(* For $n\ge1$ and all $k\ge0$, $$S(n,k)=T(n,2k)+T(n,2k+1),\qquad P(n,k)=T(n,2k+1)+T(n,2k+2);$$ equivalently, $(1+x)T_n(x)=xS_n(x^2)+x^2P_n(x^2)$ for $n\ge1$.
   Context: For a permutation $\pi$ of $[n]=\{1,\dots,n\}$, ${\rm des}(\pi)=\#\{i\in[n-1]:\pi(i)>\pi(i+1)\}$. A double descent is an index $i\in[n-2]$ with $\pi(i)>\pi(i+1)>\pi(i+2)$; $\pi$ is simsun if for every $k\in[n]$ the subword of $\pi$ consisting of the letters in $[k]$ (in order of appearance) has no double descents. Let $\mathcal{RS}_n$ be the set of simsun permutations of $[n]$. $S(n,k)=\#\{\pi\in\mathcal{RS}_n:{\rm des}(\pi)=k\}$, $S_n(x)=\sum_kS(n,k)x^k$. An interior peak is an index $i\in\{2,\dots,n-1\}$ with $\pi(i-1)<\pi(i)>\pi(i+1)$, ${\rm pk}(\pi)$ their number, $P(n,k)=\#\{\pi\in\mathcal{RS}_n:{\rm pk}(\pi)=k\}$, $P_n(x)=\sum_kP(n,k)x^k$. The number of up-down runs ${\rm uprun}(\pi)$ is the number of alternating runs of the sequence $0,\pi(1),\dots,\pi(n)$ (one plus the number of interior positions where the sequence changes direction); $T(n,k)=\#\{\pi\in\mathcal{RS}_n:{\rm uprun}(\pi)=k\}$ and $T_n(x)=\sum_kT(n,k)x^k$. *)

From mathcomp Require Import all_boot all_order.
From mathcomp Require Import perm.
Set Implicit Arguments. Unset Strict Implicit. Unset Printing Implicit Defensive.

(* A permutation pi of [n] is represented by s : {perm 'I_n};
   pi(i+1) corresponds to (s i) + 1, i.e. the one-line word of pi is
   [seq (val (s i)).+1 | i <- enum 'I_n], with letters in 1..n. *)
Definition word (n : nat) (s : {perm 'I_n}) : seq nat :=
  [seq (val (s i)).+1 | i <- enum 'I_n].

Definition des_seq (w : seq nat) : nat :=
  \sum_(i < (size w).-1) (nth 0 w i.+1 < nth 0 w i).

Definition has_ddes (w : seq nat) : bool :=
  [exists i : 'I_(size w), (i.+2 < size w) &&
     (nth 0 w i.+1 < nth 0 w i) && (nth 0 w i.+2 < nth 0 w i.+1)].

Definition simsun (n : nat) (s : {perm 'I_n}) : bool :=
  [forall k : 'I_n, ~~ has_ddes [seq x <- word s | x <= k.+1]].

Definition pk_seq (w : seq nat) : nat :=
  \sum_(i < (size w).-2) ((nth 0 w i < nth 0 w i.+1) && (nth 0 w i.+2 < nth 0 w i.+1)).

Definition altruns (a : seq nat) : nat :=
  1 + \sum_(i < (size a).-2)
        ((nth 0 a i < nth 0 a i.+1) != (nth 0 a i.+1 < nth 0 a i.+2)).

Definition uprun (n : nat) (s : {perm 'I_n}) : nat := altruns (0 :: word s).

Definition S_num (n k : nat) : nat :=
  #|[set s : {perm 'I_n} | simsun s && (des_seq (word s) == k)]|.
Definition P_num (n k : nat) : nat :=
  #|[set s : {perm 'I_n} | simsun s && (pk_seq (word s) == k)]|.
Definition T_num (n k : nat) : nat :=
  #|[set s : {perm 'I_n} | simsun s && (uprun s == k)]|.

From mathcomp Require Import all_boot all_order.
From mathcomp Require Import perm zify.
Set Implicit Arguments. Unset Strict Implicit. Unset Printing Implicit Defensive.

(* A simsun word of length m+1 arises in exactly one way by inserting m+1 into a
   simsun word of length m, at any slot not immediately followed by a descent.
   For a parent with d descents, the multiset of pairs (descents, starts with a
   descent) over its children depends only on the parent's own such pair, and
   the pairs (descents, ends with a descent) obey exactly the same rule
   [children_profile].  By induction the two pairs are equidistributed on simsun
   words.  As simsun words have no double descents, their up-down runs number
   2 des + [no final descent] and their peaks des - [initial descent]; counting
   both sides of each identity through these pairs gives the theorem. *)

Definition first_descent (w : seq nat) : bool :=
  if w is x :: y :: _ then y < x else false.

Fixpoint last_descent (w : seq nat) : bool :=
  match w with
  | x :: (y :: t) as u => if t is [::] then y < x else last_descent u
  | _ => false
  end.

Fixpoint descents (w : seq nat) : nat :=
  if w is _ :: u then first_descent w + descents u else 0.

Fixpoint ddes_free (w : seq nat) : bool :=
  if w is _ :: u then ~~ (first_descent w && first_descent u) && ddes_free u else true.

Fixpoint count_windows3 (p : nat -> nat -> nat -> bool) (w : seq nat) : nat :=
  if w is x :: u then (if u is y :: z :: _ then p x y z else false) + count_windows3 p u
  else 0.

Definition peaks : seq nat -> nat := count_windows3 (fun x y z => (x < y) && (z < y)).
Definition turns : seq nat -> nat := count_windows3 (fun x y z => (x < y) != (y < z)).
(* Let $g:\mathbb{R}^N\to\mathbb{R}\cup\{+\infty\}$ be proper and lower semi-continuous, let $f:\mathbb{R}^N\to\mathbb{R}$ be continuously differentiable such that, for some $\mathbf{L}\in\mathbb{S}_{++}(N)$, the gradient of $f\circ\mathbf{L}^{-1/2}$ is $1$-Lipschitz continuous, and assume $f^g:=f+g$ is bounded from below. Fix $a>0$, $x_0\in\mathbb{R}^N$, and a sequence of matrices $\mathbf{D}_k\in\mathbb{R}^{N\times R}$. For $k\ge0$ and $\boldsymbol\beta\in\mathbb{R}^R$ let $y^{(\boldsymbol\beta)}_k:=x_k+\mathbf{D}_k\boldsymbol\beta$ and $\ell(x;y):=g(x)+f(y)+\langle\nabla f(y),x-y\rangle$. Suppose the sequences $(x_k)_{k}$, $(\boldsymbol\beta_k)_k$, and symmetric matrices $(\mathbf{L}_k)_k$, $(\mathbf{T}_k)_k$ satisfy for all $k\ge0$: $$(x_{k+1},\boldsymbol\beta_k)\in\operatorname*{argmin}_{x\in\mathbb{R}^N}\min_{\boldsymbol\beta\in\mathbb{R}^R}\ \ell(x;y_k^{(\boldsymbol\beta)})+\tfrac12\|x-y_k^{(\boldsymbol\beta)}\|_{\mathbf{T}_k}^2,$$ $\mathbf{T}_k-\mathbf{L}_k-a\mathbf{I}\in\mathbb{S}_+(N)$, and $$f(x_{k+1})\le f(y_k^{(\boldsymbol\beta_k)})+\langle\nabla f(y_k^{(\boldsymbol\beta_k)}),x_{k+1}-y_k^{(\boldsymbol\beta_k)}\rangle+\tfrac12\|x_{k+1}-y_k^{(\boldsymbol\beta_k)}\|_{\mathbf{L}_k}^2.$$ Suppose $(\mathbf{T}_k)_{k\in\mathbb{N}}$ is bounded. Then the sequence $(f^g(x_k))_{k\in\mathbb{N}}$ is non-increasing and every limit point of $(x_{k+1})_{k\in\mathbb{N}}$ is a stationary point of $f^g$.
   Context: $\mathbb{S}_{+}(N)$ (resp. $\mathbb{S}_{++}(N)$) denotes the set of symmetric positive semi-definite (resp. positive definite) $N\times N$ real matrices; $\mathbf{I}$ is the identity; $\|x\|_{\mathbf{V}}^2:=\langle x,\mathbf{V}x\rangle$. The Fréchet subdifferential $\hat\partial h(\bar x)$ of $h:\mathbb{R}^N\to\mathbb{R}\cup\{+\infty\}$ at $\bar x\in\operatorname{dom}h$ is the set of $v$ with $\liminf_{x\to\bar x,x\ne\bar x}\frac{h(x)-h(\bar x)-\langle v,x-\bar x\rangle}{\|x-\bar x\|}\ge0$; the limiting subdifferential $\partial h(\bar x)$ is the set of $v$ for which there exist $x_k\to\bar x$ with $h(x_k)\to h(\bar x)$ and $v_k\in\hat\partial h(x_k)$ with $v_k\to v$ (both empty outside $\operatorname{dom}h$). A stationary point of $h$ is a point $\bar x\in\operatorname{dom} h$ with $0\in\partial h(\bar x)$. *)

From HB Require Import structures.
From mathcomp Require Import all_boot all_order all_algebra.
From mathcomp Require Import reals constructive_ereal.
Set Implicit Arguments. Unset Strict Implicit. Unset Printing Implicit Defensive.
Import Order.TTheory GRing.Theory Num.Theory.
Local Open Scope ring_scope.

::::::

▶ [Your objective]: Filter the records above for the string "size" and copy each matching line.

▶ [Answer space]:
  \sum_(i < (size w).-1) (nth 0 w i.+1 < nth 0 w i).
  [exists i : 'I_(size w), (i.+2 < size w) &&
  \sum_(i < (size w).-2) ((nth 0 w i < nth 0 w i.+1) && (nth 0 w i.+2 < nth 0 w i.+1)).
  1 + \sum_(i < (size a).-2)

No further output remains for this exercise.